Not sure if that is such a bad practice. Maybe it is if you design for
embedded MMU-less CPUs. But I don't do this. PA is optimized for
normal, modern Unix/Linux machines, with shared memory. In fact the
entire memory model PA uses is designed with a good MMU in mind. 

> Even for the server side, I also think it's bad practice not to
> automatically and periodically release memory to the OS: that
> probaby means that the server will always hold as much memory as the
> peak usage (some maximum reached in the past). At the very least,
> that forever ties up swap space for other applications.

That's however how Unix always used to work. In traditional Unix sbrk()
was called to increase the address space only. Memory was never given
back to the OS again.

Generally PA tries to avoid too much interaction with the kernel and
tries to make allocation lock-free and thus real-time compatible as
much as possible. (Though I have to agree to a lot of compromises here
because I cannot just mlock() all my memory).

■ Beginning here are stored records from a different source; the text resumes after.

(* Let $n$ be an odd positive integer and $(\lambda\mid\mu)$ a bipartition of $n$. Then \[\Gamma^B_{(\lambda\mid\mu)}=\begin{cases}2\,\Gamma^D_{(\lambda\mid\mu)} & \ell(\mu)\text{ even},\\ 0 & \ell(\mu)\text{ odd}.\end{cases}\] Consequently $s_n^B=2s_n^D$.
   Context: $B_n$ is the group of permutations $w$ of $\{\pm1,\dots,\pm n\}$ with $w(-i)=-w(i)$, and $D_n=\{w\in B_n:w(1)\cdots w(n)>0\}$. Each $w\in B_n$ decomposes uniquely into positive cycles $(a_1,\dots,a_\ell)(-a_1,\dots,-a_\ell)$ and negative cycles $(b_1,\dots,b_\ell,-b_1,\dots,-b_\ell)$; its cycle type is the bipartition $(\lambda\mid\mu)$ of positive and negative cycle lengths, and conjugacy classes of $B_n$ are indexed by bipartitions of $n$. An element lies in $D_n$ iff $\ell(\mu)$ (the number of parts of $\mu$) is even; for $n$ odd, the $B_n$-class of each such $(\lambda\mid\mu)$ is a single $D_n$-conjugacy class. $\Gamma^B_{(\lambda\mid\mu)}$ (resp. $\Gamma^D_{(\lambda\mid\mu)}$) is the sum of the column of the complex character table of $B_n$ (resp. $D_n$) at the class of cycle type $(\lambda\mid\mu)$; $s_n^B$, $s_n^D$ are the sums of all entries of the character tables of $B_n$, $D_n$. *)

From HB Require Import structures.
From mathcomp Require Import all_boot all_order all_algebra all_fingroup all_solvable all_field all_character.
Set Implicit Arguments. Unset Strict Implicit. Unset Printing Implicit Defensive.


(* The signed set {+-1,...,+-n} is encoded as bool * 'I_n :
   (false, i) stands for  +(i+1)  and  (true, i) stands for  -(i+1). *)
Notation sT n := (bool * 'I_n)%type.

Definition negT n (x : sT n) : sT n := (~~ x.1, x.2).

Definition Bset n : {set {perm sT n}} :=
  [set w : {perm sT n} | [forall x, w (negT x) == negT (w x)]].

Lemma group_set_B n : group_set (Bset n).
Proof.
apply/group_setP; split.
  by rewrite inE; apply/forallP => x; rewrite !perm1.
move=> x y; rewrite !inE => /forallP Hx /forallP Hy; apply/forallP => z.
by rewrite !permM (eqP (Hx z)) (eqP (Hy _)).
Qed.

Definition Bn n : {group {perm sT n}} := Group (group_set_B n).

(* the sign of w(1)...w(n) : true iff an odd number of the w(i) are negative *)
Definition sgnB n (w : {perm sT n}) : bool :=
  \big[addb/false]_(i < n) (w (false, i)).1.

Lemma sgnB1 n : sgnB (1%g : {perm sT n}) = false.
Proof. by rewrite /sgnB big1 // => i _; rewrite perm1. Qed.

The way memory block allocation in PA works is via a lock-free
stack. That way both allocation and freeing is fast. It's basically
just a cmpxchg to allocate or free a block. However to achieve that
you cannot go to the MMU each time.

It's just a matter of where you put your focus: my focus was on
minimizing copying and minimizing overall worst-case memory usage by
sharing memory as much as possible, in addition to make most operations
lock-free. Your focus is different: it is minimizing the address space
size. That goal is however completely irrelevant on desktop machines
and all MMU machines.

> Allocating a big, fixed-sized chunk of memory in advance, in the
> hope that the OS will optimize it away if never used, is also
> questionable. It does not work if the OS is not smart enough (see
> embedded Linux at www.uclinux.org). It tends to obscure the real
> memory ussage of the application by distorting the memory statistics
> (is there a way to find out how much memory the client library
> allocated?). I raises user questions all the time (it makes the app
> look big) which need to be constantly explained. It reserves swap
> file space away that other applications cannot use, it may force you
> to have a swap file in the first place.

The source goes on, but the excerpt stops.